Continuity of x*sin(1/x) at x=0

[Miike012]

my book says, the function y = x*sin(1/x) is not continuous at x = 0, however by defining a new function by



F(x) =
x*sin(1/x) , x ≠ 0
0 , x = 0

then F is continuous at x = 0.

This does not make sense to me because the limit as x → 0 is equal to 1, not zero, so therefore there would be a jump discountinuity at x = 0.

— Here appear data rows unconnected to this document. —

(* Let $X = \{x\in\mathbb{R}^n_+ : A_x x \ge b_x\}$ and $Y = \{y\in\mathbb{R}^m_+ : A_y y\ge b_y\}$, and $Q\in\mathbb{R}^{n\times m}_{\ge 0}$. Assume $\min\{c^\top x + d^\top y : x = Qy,\ x\in X,\ y\in Y\}$ has a finite optimal value. Let $(\hat\gamma,\hat\nu)$ be an optimal solution of $$\max_{\gamma,\nu}\{\gamma^\top b_x + \nu^\top b_y : Q^\top A_x^\top\gamma + A_y^\top\nu \le Q^\top c + d,\ \gamma\ge 0,\ \nu\ge 0\}$$ (the dual of $\min\{(Q^\top c + d)^\top y : A_x Q y\ge b_x,\ A_y y\ge b_y,\ y\ge 0\}$), and set $\hat\alpha := c - A_x^\top\hat\gamma$. Then $\hat\alpha$ is an optimal solution of $$\max_{\alpha\in\mathbb{R}^n}\{\sigma_X(c - \alpha) + \sigma_Y(Q^\top\alpha + d)\}.$$
   Context: For $\mathcal{X}\subseteq\mathbb{R}^k$, $\sigma_{\mathcal{X}}(\alpha) := \inf_{x\in\mathcal{X}}\alpha^\top x$. $c\in\mathbb{R}^n$, $d\in\mathbb{R}^m$, and $A_x, b_x, A_y, b_y$ are matrices/vectors of compatible dimensions. *)

From mathcomp Require Import all_boot all_order all_algebra.
From mathcomp Require Import all_classical all_reals ereal.
Set Implicit Arguments. Unset Strict Implicit. Unset Printing Implicit Defensive.
Import Order.TTheory GRing.Theory Num.Theory.
Local Open Scope ring_scope.
Local Open Scope classical_set_scope.

Section Defs.
Variable R : realType.

Definition dotv k (a x : 'cV[R]_k) : R := (a^T *m x) 0 0.

Definition vle k (u v : 'cV[R]_k) : Prop := forall i, u i 0 <= v i 0.

Definition polyset k p (A : 'M[R]_(p, k)) (b : 'cV[R]_p) : set 'cV[R]_k :=
  [set x | vle 0 x /\ vle b (A *m x)].

Definition sigma k (S : set 'cV[R]_k) (alpha : 'cV[R]_k) : \bar R :=
  ereal_inf [set (dotv alpha x)%:E | x in S].
End Defs.

(* For every alpha and every coupled feasible point (Q y, y), the two support
   functions are bounded by (c - alpha)^T Q y + (Q^T alpha + d)^T y = c^T Q y + d^T y,
   so the objective is at most the optimal value of the coupled LP.  By LP strong
   duality, obtained from Farkas' lemma applied to the homogenized primal, that value
   is at most gamma^T b_x + nu^T b_y.  Finally c - alpha_hat = A_x^T gamma and, by dual
   feasibility, Q^T alpha_hat + d >= A_y^T nu, so weak duality on X and on Y shows
   that alpha_hat attains this bound. *)

From mathcomp Require Import all_boot all_order all_algebra.
From mathcomp Require Import all_classical all_reals ereal.
From mathcomp Require Import ring lra.
Import Order.TTheory GRing.Theory Num.Theory.
Local Open Scope ring_scope.
Local Open Scope classical_set_scope.

Section LinearProgramming.
Variable R : realType.
Set Implicit Arguments. Unset Strict Implicit. Unset Printing Implicit Defensive.

Section DotProduct.
Implicit Types k p : nat.

Lemma dotvE k (a x : 'cV[R]_k) : dotv a x = \sum_i a i 0 * x i 0.
Proof. by rewrite /dotv !mxE; apply: eq_bigr => i _; rewrite mxE. Qed.

Lemma dotvC k (a x : 'cV[R]_k) : dotv a x = dotv x a.
Proof. by rewrite !dotvE; apply: eq_bigr => i _; rewrite mulrC. Qed.

Lemma dotvDl k (a b x : 'cV[R]_k) : dotv (a + b) x = dotv a x + dotv b x.
Proof. by rewrite !dotvE -big_split; apply: eq_bigr => i _; rewrite mxE mulrDl. Qed.

Lemma dotvZl k l (a x : 'cV[R]_k) : dotv (l *: a) x = l * dotv a x.
Proof. by rewrite !dotvE mulr_sumr; apply: eq_bigr => i _; rewrite mxE mulrA. Qed.

Lemma dotvBl k (a b x : 'cV[R]_k) : dotv (a - b) x = dotv a x - dotv b x.
Proof. by rewrite dotvDl -scaleN1r dotvZl mulN1r. Qed.

Lemma dotvDr k (a b x : 'cV[R]_k) : dotv x (a + b) = dotv x a + dotv x b.
Proof. by rewrite !(dotvC x) dotvDl. Qed.

Lemma dotvZr k l (a x : 'cV[R]_k) : dotv x (l *: a) = l * dotv x a.
Proof. by rewrite !(dotvC x) dotvZl. Qed.

Lemma dotvBr k (a b x : 'cV[R]_k) : dotv x (a - b) = dotv x a - dotv x b.
Proof. by rewrite !(dotvC x) dotvBl. Qed.

Lemma dotv0l k (x : 'cV[R]_k) : dotv 0 x = 0.
Proof. by rewrite -(scale0r 0) dotvZl mul0r. Qed.

Lemma dotv_trmx k p (A : 'M[R]_(p, k)) g x : dotv (A^T *m g) x = dotv g (A *m x).
Proof. by rewrite /dotv trmx_mul trmxK mulmxA. Qed.

Lemma dotv_col k p (A : 'M[R]_(k, p)) i z : dotv (col i A) z = (A^T *m z) i 0.
Proof. by rewrite /dotv tr_col -row_mul mxE. Qed.

Lemma dotv_col_mx p1 p2 (a1 x1 : 'cV[R]_p1) (a2 x2 : 'cV[R]_p2) :
  dotv (col_mx a1 a2) (col_mx x1 x2) = dotv a1 x1 + dotv a2 x2.
Proof. by rewrite /dotv tr_col_mx mul_row_col mxE. Qed.

Lemma dotv_vle k (g u v : 'cV[R]_k) : vle 0 g -> vle u v -> dotv g u <= dotv g v.
Proof.
move=> g_ge0 le_uv; rewrite !dotvE; apply: ler_sum => i _.
by apply: ler_wpM2l => //; have := g_ge0 i; rewrite mxE.
Qed.

Lemma subv_ge0 k (u v : 'cV[R]_k) : vle 0 (v - u) <-> vle u v.
Proof. by split=> h i; have := h i; rewrite !mxE subr_ge0. Qed.

Lemma vle_col_mx p1 p2 (a c : 'cV[R]_p1) (b d : 'cV[R]_p2) :
  vle (col_mx a b) (col_mx c d) <-> vle a c /\ vle b d.
Proof.
split=> [h | [h1 h2] i]; first by split=> i;
  [have := h (lshift p2 i) | have := h (rshift p1 i)]; rewrite ?col_mxEu ?col_mxEd.
by rewrite -(splitK i); case: (fintype.split i) => j /=; rewrite ?col_mxEu ?col_mxEd.
Qed.

Lemma vle0_col_mx p1 p2 (a : 'cV[R]_p1) (b : 'cV[R]_p2) :
  vle 0 (col_mx a b) <-> vle 0 a /\ vle 0 b.
Proof. by rewrite -col_mx0 vle_col_mx. Qed.

Lemma vle0_mulmx k p (Q : 'M[R]_(p, k)) y :
  (forall i j, 0 <= Q i j) -> vle 0 y -> vle 0 (Q *m y).
Proof.
move=> Q_ge0 y_ge0 i; rewrite !mxE; apply: sumr_ge0 => j _.
by apply: mulr_ge0 => //; have := y_ge0 j; rewrite mxE.
Qed.

End DotProduct.

Section Farkas.
Variable k : nat.
Implicit Types (a b u v w x : 'cV[R]_k) (s : seq 'cV[R]_k).

Fixpoint in_cone s w : Prop :=
  if s is a :: s' then exists2 l, 0 <= l & in_cone s' (w - l *: a) else w = 0.

Lemma in_cone_dotv_ge0 s u x :
  in_cone s u -> {in s, forall a, 0 <= dotv a x} -> 0 <= dotv u x.
Proof.
elim: s u => [|a s IH] u /=; first by move=> ->; rewrite dotv0l.
case=> l l_ge0 /IH + s_ge0 => /(_ (fun b sb => s_ge0 b (mem_behead (s := a :: s) sb))).
rewrite dotvBl dotvZl subr_ge0; apply: le_trans.
by apply: mulr_ge0 => //; apply: s_ge0; rewrite mem_head.
Qed.

Definition proj_along a x0 b := b - (dotv b x0 / dotv a x0) *: a.

Lemma dotv_proj_along a x0 b x :
  dotv (proj_along a x0 b) x = dotv b (x - (dotv a x / dotv a x0) *: x0).
Proof. by rewrite /proj_along dotvBl dotvZl dotvBr dotvZr; ring. Qed.

Lemma in_cone_proj_along a x0 s v :
  in_cone [seq proj_along a x0 b | b <- s] v ->
  exists u mu, in_cone s u /\ v = u + mu *: a.
Proof.
elim: s v => [|b s IH] v /=; first by move=> ->; exists 0, 0; rewrite scale0r addr0.
case=> l l_ge0 /IH [u [mu [Hu Hv]]].
exists (u + l *: b), (mu - l * (dotv b x0 / dotv a x0)); split.
  by exists l; rewrite ?addrK.
rewrite -(subrK (l *: proj_along a x0 b) v) Hv /proj_along scalerBr scalerA.
by rewrite scalerBl addrACA addrC.
Qed.

(* A point x0 separating w from the cone of s has a^T x0 < 0; projecting every
   generator along a onto the hyperplane x0^T x = 0 removes the generator a. *)
Lemma farkas_seq s w :
  (forall x, {in s, forall a, 0 <= dotv a x} -> 0 <= dotv w x) -> in_cone s w.
Proof.
move Hn : (size s) => n; elim: n s w Hn => [|n IH] [|a s] w //= Hn Hw.
  apply/matrixP => i j; rewrite (ord1 j) mxE; apply/eqP; rewrite eq_le.
  have no_gen (x : 'cV[R]_k) : {in [::], forall a, 0 <= dotv a x} by [].
  have := Hw _ (no_gen (delta_mx i 0)); have := Hw _ (no_gen (- delta_mx i 0)).
  by rewrite -scaleN1r dotvZr mulN1r oppr_ge0 /dotv -colE !mxE => -> ->.
case: Hn => Hn.
have [Hs | /existsNP [x0 /not_implyP [s_x0 /negP]]] :=
  pselect (forall x, {in s, forall b, 0 <= dotv b x} -> 0 <= dotv w x).
  by exists 0; rewrite // scale0r subr0; apply: IH.
rewrite -ltNge => w_x0.
have a_x0 : dotv a x0 < 0.
  rewrite ltNge; apply/negP => a_x0; move: w_x0; rewrite ltNge Hw //.
  by move=> b; rewrite inE => /orP[/eqP-> // | /s_x0].
pose p := proj_along a x0.
have : in_cone [seq p b | b <- s] (p w).
  apply: IH; first by rewrite size_map.
  move=> x Hx; rewrite dotv_proj_along; apply: Hw => b; rewrite inE.
  case/orP=> [/eqP-> | sb]; last by rewrite -dotv_proj_along; apply/Hx/map_f.
  by rewrite dotvBr dotvZr divfK ?lt_eqF // subrr.
case/in_cone_proj_along=> u [mu [Hu Hpw]].
have Hw_dec : w = u + (mu + dotv w x0 / dotv a x0) *: a.
  by rewrite scalerDl addrA -Hpw subrK.
exists (mu + dotv w x0 / dotv a x0); last by rewrite {1}Hw_dec addrK.
have u_x0 := in_cone_dotv_ge0 Hu s_x0.
have : dotv w x0 = dotv u x0 + (mu + dotv w x0 / dotv a x0) * dotv a x0.
  by rewrite {1}Hw_dec dotvDl dotvZl.
nra.
Qed.

End Farkas.

Section FarkasMx.
Variables k p : nat.

Lemma in_cone_cols (L : 'M[R]_(k, p)) r w :
  in_cone [seq col i L | i <- r] w -> exists2 lam, vle 0 lam & w = L *m lam.
Proof.
elim: r w => [|i r IH] w /=; first by move=> ->; exists 0; rewrite ?mulmx0 // => j; rewrite mxE.
case=> l l_ge0 /IH [lam lam_ge0 Hw]; exists (lam + l *: delta_mx i 0).
  move=> j; rewrite !mxE; apply: addr_ge0; first by have := lam_ge0 j; rewrite mxE.
  by apply: mulr_ge0 => //; rewrite ler0n.
by rewrite mulmxDr -scalemxAr -colE -Hw subrK.
Qed.

Lemma farkas (L : 'M[R]_(k, p)) w :
  (forall z, vle 0 (L^T *m z) -> 0 <= dotv w z) -> exists2 lam, vle 0 lam & w = L *m lam.
Proof.
move=> Hw; apply: (@in_cone_cols L (enum 'I_p)); apply: farkas_seq => z Hz.
apply: Hw => i; rewrite mxE -dotv_col; apply: Hz.
by apply: map_f; rewrite mem_enum.
Qed.

End FarkasMx.

Section LPDuality.
Variables (k p : nat) (N : 'M[R]_(p, k)) (beta : 'cV[R]_p).
Variables (w : 'cV[R]_k) (t : R).
Hypothesis lp_feasible : exists y0, vle beta (N *m y0).
Hypothesis lp_bounded : forall y, vle beta (N *m y) -> t <= dotv w y.

Lemma lp_recession_ge0 y : vle 0 (N *m y) -> 0 <= dotv w y.
Proof.
move=> Ny_ge0; rewrite leNgt; apply/negP => wy_lt0.
have [y0 Hy0] := lp_feasible; have ty0 := lp_bounded Hy0.
pose r := (dotv w y0 - t + 1) / - dotv w y.
have r_ge0 : 0 <= r by apply: divr_ge0; lra.
have : vle beta (N *m (y0 + r *: y)).
  move=> i; rewrite mulmxDr -scalemxAr [X in _ <= X]mxE [X in _ <= _ + X]mxE.
  have := Hy0 i; have := Ny_ge0 i; rewrite mxE => /(mulr_ge0 r_ge0); lra.
move/lp_bounded; rewrite dotvDr dotvZr /r invrN mulrN mulNr divfK ?lt_eqF //.
lra.
Qed.

Lemma lp_homogeneous_bound y s :
  0 <= s -> vle (s *: beta) (N *m y) -> t * s <= dotv w y.
Proof.
rewrite le0r => /orP[/eqP-> | s_gt0] Hy.
  by rewrite mulr0; apply: lp_recession_ge0; rewrite -(scale0r beta).
have : vle beta (N *m (s^-1 *: y)).
  move=> i; rewrite -scalemxAr mxE -(ler_pM2l s_gt0) mulrA divff ?gt_eqF // mul1r.
  by have := Hy i; rewrite mxE.
move/lp_bounded; rewrite dotvZr -(ler_pM2l s_gt0) mulrA divff ?gt_eqF // mul1r.
by rewrite mulrC.
Qed.

(* Farkas applied to the homogenization [N y >= s beta, s >= 0] of the primal. *)
Lemma lp_strong_duality :
  exists lam, [/\ vle 0 lam, N^T *m lam = w & t <= dotv beta lam].
Proof.
pose L := block_mx N^T 0 (- beta^T) (1 : 'M[R]_1).
have : forall z, vle 0 (L^T *m z) -> 0 <= dotv (col_mx w (- t%:M)) z.
  move=> z; rewrite -[z]vsubmxK tr_block_mx !trmxK trmx0 trmx1 linearN /= trmxK.
  rewrite mul_block_col mul0mx mul1mx add0r mulNmx [dsubmx z]mx11_scalar.
  set s := dsubmx z 0 0; rewrite mul_mx_scalar => /vle0_col_mx[Hy Hs].
  rewrite dotv_col_mx [dotv (- _) _]/dotv mxE big_ord1 !mxE /= !mulr1n mulNr subr_ge0.
  apply: lp_homogeneous_bound; last exact/subv_ge0.
  by have := Hs 0; rewrite !mxE /= mulr1n.
case/farkas=> lam; rewrite -[lam]vsubmxK => /vle0_col_mx[lam_ge0 mu_ge0].
rewrite mul_block_col mul0mx addr0 mul1mx mulNmx => /eq_col_mx[Hw /matrixP/(_ 0 0)].
rewrite !mxE /= mulr1n => Ht; exists (usubmx lam); split=> //.
by have := mu_ge0 0; rewrite !mxE /dotv mxE; lra.
Qed.

End LPDuality.

Lemma sigma_polyset_ge k p (A : 'M[R]_(p, k)) b g alpha :
  vle 0 g -> vle (A^T *m g) alpha -> ((dotv g b)%:E <= sigma (polyset A b) alpha)%E.
Proof.
move=> g_ge0 le_alpha; apply: le_ereal_inf_tmp => _ [x [x_ge0 Hx] <-].
rewrite lee_fin (le_trans (dotv_vle g_ge0 Hx)) // -dotv_trmx.
by rewrite dotvC [dotv alpha _]dotvC; apply: dotv_vle.
Qed.

Lemma sigma_add_le_coupled_inf n m (X : set 'cV[R]_n) (Y : set 'cV[R]_m)
    (Q : 'M[R]_(n, m)) c d alpha :
  (sigma X (c - alpha) + sigma Y (Q^T *m alpha + d)
   <= ereal_inf [set ((dotv c xy.1 + dotv d xy.2)%:E : \bar R) |
        xy in [set xy | xy.1 = Q *m xy.2 /\ X xy.1 /\ Y xy.2]])%E.
Proof.
apply: le_ereal_inf_tmp => _ [[x y] /= [-> [Xx Yy]] <-].
have -> : dotv c (Q *m y) + dotv d y
          = dotv (c - alpha) (Q *m y) + dotv (Q^T *m alpha + d) y.
  by rewrite dotvBl dotvDl dotv_trmx addrA subrK.
by rewrite EFinD; apply: leeD; apply: ereal_inf_lbound; [exists (Q *m y) | exists y].
Qed.

Lemma coupled_inf_le_dual n m px py (Ax : 'M[R]_(px, n)) bx (Ay : 'M[R]_(py, m)) by_
    (Q : 'M[R]_(n, m)) c d (D : R) :
  (forall i j, 0 <= Q i j) ->
  let S := [set ((dotv c xy.1 + dotv d xy.2)%:E : \bar R) |
      xy in [set xy | xy.1 = Q *m xy.2 /\ polyset Ax bx xy.1 /\ polyset Ay by_ xy.2]] in
  ereal_inf S \is a fin_num ->
  (forall g v, vle (Q^T *m Ax^T *m g + Ay^T *m v) (Q^T *m c + d) -> vle 0 g -> vle 0 v ->
     dotv g bx + dotv v by_ <= D) ->
  (ereal_inf S <= D%:E)%E.
Proof.
move=> Q_ge0 S S_fin dual_le; rewrite -(fineK S_fin) lee_fin.
pose N := col_mx (Ax *m Q) (col_mx Ay 1%:M).
pose beta := col_mx bx (col_mx by_ (0 : 'cV[R]_m)).
have feasibleE y :
    vle beta (N *m y) <-> [/\ vle bx (Ax *m (Q *m y)), vle by_ (Ay *m y) & vle 0 y].
  by rewrite !mul_col_mx mul1mx mulmxA !vle_col_mx; split=> [[? []] | []].
have [lam [lam_ge0 Nlam t_le]] : exists lam, [/\ vle 0 lam,
    N^T *m lam = Q^T *m c + d & fine (ereal_inf S) <= dotv beta lam].
  apply: lp_strong_duality.
    have [_ [[_ y] /= [-> [[_ Hx] [Hy y_ge0]]] _]] : S !=set0.
      by apply/set0P/negP => /eqP S0; move: S_fin; rewrite S0 ereal_inf0.
    by exists y; apply/feasibleE.
  move=> y /feasibleE[Hx Hy y_ge0]; rewrite -lee_fin fineK // dotvDl dotv_trmx.
  apply: ereal_inf_lbound; exists (Q *m y, y) => //.
  by split=> //; split; split=> //; apply: vle0_mulmx.
rewrite -[lam]vsubmxK -[dsubmx lam]vsubmxK in lam_ge0 Nlam t_le.
set g := usubmx lam in lam_ge0 Nlam t_le; set v := usubmx _ in lam_ge0 Nlam t_le.
set mu := dsubmx _ in lam_ge0 Nlam t_le.
move: lam_ge0 => /vle0_col_mx[g_ge0 /vle0_col_mx[v_ge0 mu_ge0]].
rewrite /N !tr_col_mx trmx1 trmx_mul !mul_row_col mul1mx in Nlam.
rewrite /beta !dotv_col_mx dotv0l addr0 in t_le.
apply: (le_trans t_le); rewrite dotvC [dotv by_ _]dotvC; apply: dual_le => //.
by apply/subv_ge0; rewrite -Nlam addrA (addrC _ mu) addrK.
Qed.

End LinearProgramming.

Theorem mainTheorem9 (R : realType) (n m px py : nat)
  (Ax : 'M[R]_(px, n)) (bx : 'cV[R]_px) (Ay : 'M[R]_(py, m)) (by_ : 'cV[R]_py)
  (Q : 'M[R]_(n, m)) (c : 'cV[R]_n) (d : 'cV[R]_m)
  (HQ : forall i j, 0 <= Q i j)
  (Hfinite : ereal_inf [set ((dotv c xy.1 + dotv d xy.2)%:E : \bar R) |
       xy in [set xy : 'cV[R]_n * 'cV[R]_m |
              xy.1 = Q *m xy.2 /\ polyset Ax bx xy.1 /\ polyset Ay by_ xy.2]]
     \is a fin_num)
  (gam : 'cV[R]_px) (nu : 'cV[R]_py)
  (Hfeas : vle (Q^T *m Ax^T *m gam + Ay^T *m nu) (Q^T *m c + d)
           /\ vle 0 gam /\ vle 0 nu)
  (Hopt : forall (g : 'cV[R]_px) (v : 'cV[R]_py),
      vle (Q^T *m Ax^T *m g + Ay^T *m v) (Q^T *m c + d) -> vle 0 g -> vle 0 v ->
      dotv g bx + dotv v by_ <= dotv gam bx + dotv nu by_) :
  let alpha_hat := c - Ax^T *m gam in
  forall alpha : 'cV[R]_n,
    (sigma (polyset Ax bx) (c - alpha) + sigma (polyset Ay by_) (Q^T *m alpha + d)
     <= sigma (polyset Ax bx) (c - alpha_hat)
        + sigma (polyset Ay by_) (Q^T *m alpha_hat + d))%E.
Proof.
move=> alpha_hat alpha; case: Hfeas => dual_feas [gam_ge0 nu_ge0].
apply: le_trans (sigma_add_le_coupled_inf _ _ _ _ _ alpha) _.
apply: le_trans (coupled_inf_le_dual HQ Hfinite Hopt) _.
rewrite EFinD; apply: leeD; apply: sigma_polyset_ge => //.
  by rewrite /alpha_hat opprB addrC subrK => i.
apply/subv_ge0; move/subv_ge0: dual_feas.
by rewrite /alpha_hat linearB /= mulmxA opprD addrA (addrAC (Q^T *m c)).
Qed.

unless my calculus is wrong or my understanding is wrong... but isn't
Lim [x*sin(1/x)] = Lim [(x/x)*sin(1/x)/(1/x)] = (1)*(1) = 1 as x approaches zero.
x → 0

 

[CompuChip]

I think your calculus is wrong, unfortunately

For example, using the squeeze theorem: -x \le x \sin(1/x) \le x, therefore
\lim_{x \to 0} -x \le \lim_{x \to 0} \le x \sin(1/x) \le \lim_{x \to 0} x
hence
0 \le \lim_{x \to 0} \le x \sin(1/x) \le 0 \implies \lim_{x \to 0} x \sin(1/x) = 0

You are probably confused with
\lim_{x \to 0} \frac{1}{x} \sin(x) = 1
but if you replace x -> 1/x what you have is the "opposite":
\lim_{x \to \infty} \frac{1}{x} \sin(x) = 1

 

[Miike012]

Im not sure what I am reading towards the end...

I think it says,

Lim as x approaches 0 of x*sin(1/x),
If we let u = 1/x then as x approaches zero, u approaches infinity, so

Lim as u appraoches infinity of sin(u)/u is eqaul to zero... is this correct?

 

[CompuChip]

Sorry about that, I made a typo.
Of course I meant
\lim_{x \to 0} \frac{1}{x} \sin x = 1
instead of 0 (corrected in the above post now).

And yes, I switched to u = 1/x which means x \to 0 changes to u \to \infty (and you replace x with 1/u everywhere).